Mis en ligne le 14/09/2011
Jusqu’ici, ils estiment avoir été peu entendus, les représentants des travailleurs du Forem. Après le dépôt de leur préavis de travail au printemps dernier, ils ont bien eu droit à des rencontres avec le ministre de tutelle André Antoine, et son entourage. Mais la dernière version du contrat de gestion, celle qui précisément a été signée hier, tient peu compte de leurs critiques d’alors.
D’où cette nouvelle sortie et cette prémonition lâchée par une permanente CGSP, Nathalie Dechèvres déclarant que " l’automne sera chaud ".

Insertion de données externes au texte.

Lemma exists_natural_retraction :
  exists phi, natural_covector phi /\ forall p, phi p (v p) = 1.
Proof.
have [H [H_avoids H_max]] := exists_maximal_avoids_v.
pose phi p := linfun (coord H_avoids H_max (p := p) : M_ p -> K^o).
have phiE p : phi p =1 coord H_avoids H_max (p := p).
  exact: linfun_linearE (coord_linear H_avoids H_max (p := p)).
exists phi; split=> [p q h x|p]; rewrite !phiE.
  exact: coord_pm_map.
exact: coord_v.
Qed.

End Directed.
End InjectiveStructureMaps.
End PersistenceModule.

Theorem lemma2p2 (K : fieldType) (d : Order.disp_t) (P : porderType d)
  (M : pmod K P) :
  is_pmod M ->
  codirected P ->
  (forall p : P, \dim (fullv : {vspace pm_obj M p}) != 0%N) ->
  (forall (p q : P) (h : (p <= q)%O), injective (fun v => pm_map M h v)) ->
  (exists f : forall p : P, 'Hom(pm_obj (constP K P) p, pm_obj M p), is_mono f) /\
  (directed P ->
   exists N : pmod K P, is_pmod N /\ pmod_iso M (dsum (constP K P) N)).
Proof.
move=> M_functor P_codirected M_neq0 M_inj.
have [v [v_natural v_neq0]] := exists_natural_nonzero_vector M_functor M_inj P_codirected M_neq0.
split; first exact: mono_of_natural_vector v_natural v_neq0.
move=> P_directed.
have [phi [phi_natural phi_v]] :=
  exists_natural_retraction M_functor M_inj P_directed v_natural v_neq0.
exact: (split_of_natural_retraction M_functor v_natural phi_natural phi_v).
Qed.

La signature intervenue hier n’avorte en rien la suite, prétendent-ils en chœur. Approuvé, le contrat de gestion doit encore être mis en œuvre. Et c’est ici que l’on comprend que les syndicats entendent bien jouer leur rôle et réclamer les adaptations nécessaires pour rendre les mesures de ce contrat de gestion "buvables" pour reprendre à dessein le qualificatif employé.
Depuis plusieurs mois maintenant, CGSP, CSC et SFLP dénoncent dans une sorte de front commun le montant de la dotation. Le ministre assure que ce chiffre ne pourra pas varier. Les syndicats lui rétorquent que non indexée et sans l’ajout d’un pour cent additionnel spécifique au Forem, la dotation ne pourra permettre de compenser l’augmentation naturelle de la masse salariale.
Inéluctablement, le personnel et les demandeurs d’emploi en pâtiront, ajoutent-ils. Dans la foulée, les syndicats ajoutent avoir perçu d’autres signes de faiblesse. Ils jugent ainsi que les conseillers référents devront prendre en charge un nombre supérieur de demandeurs d’emploi avec, à la clé, une perte de qualité pour le service. "Déjà que le travail administratif n’est pas léger , affirme Paul De Sacco pour la CSC. Nous craignons vraiment que le suivi soit moins bien assuré vu les conditions de travail." Thierry Bodson de la FGTB s’est pour sa part inquiété du fait que le budget 2012 du Forem laissait entrevoir un trou de 40 millions d’euros. Pour le combler, l’institution pourrait selon lui être obligée de toucher aux montants attribués pour les emplois APE, pour la formation ou pour le personnel.
Mais à l’autre bord de la scène, Thierry Devillez, représentant de l’Union wallonne des entreprises, a quant à lui indiqué sa crainte de voir le Forem se replier sur lui-même.
Et, c’est au cœur de cette mêlée qu’André Antoine, ministre en charge du dossier, a préféré tempérer la situation, en gardant dans ses propos clarté et modération.
André Antoine avait ainsi indiqué avant la prise de décision qu’aucun autre contrat de gestion n’avait été aussi précieusement préparé. Le contexte économique international autant que la future réforme institutionnelle, qui pourrait doter l’organisme de compétences plus larges en terme de formation et d’emploi, imposent toutefois de rester lucide selon le ministre. Pour doucher les inquiétudes, le ministre a ensuite affirmé qu’il ne pouvait malgré tout pas y avoir d’économies réalisées sur le dos de l’emploi.
Reste que pour marquer leur mécontentement, les syndicats bloqueront la majorité des sites du Forem ce jeudi.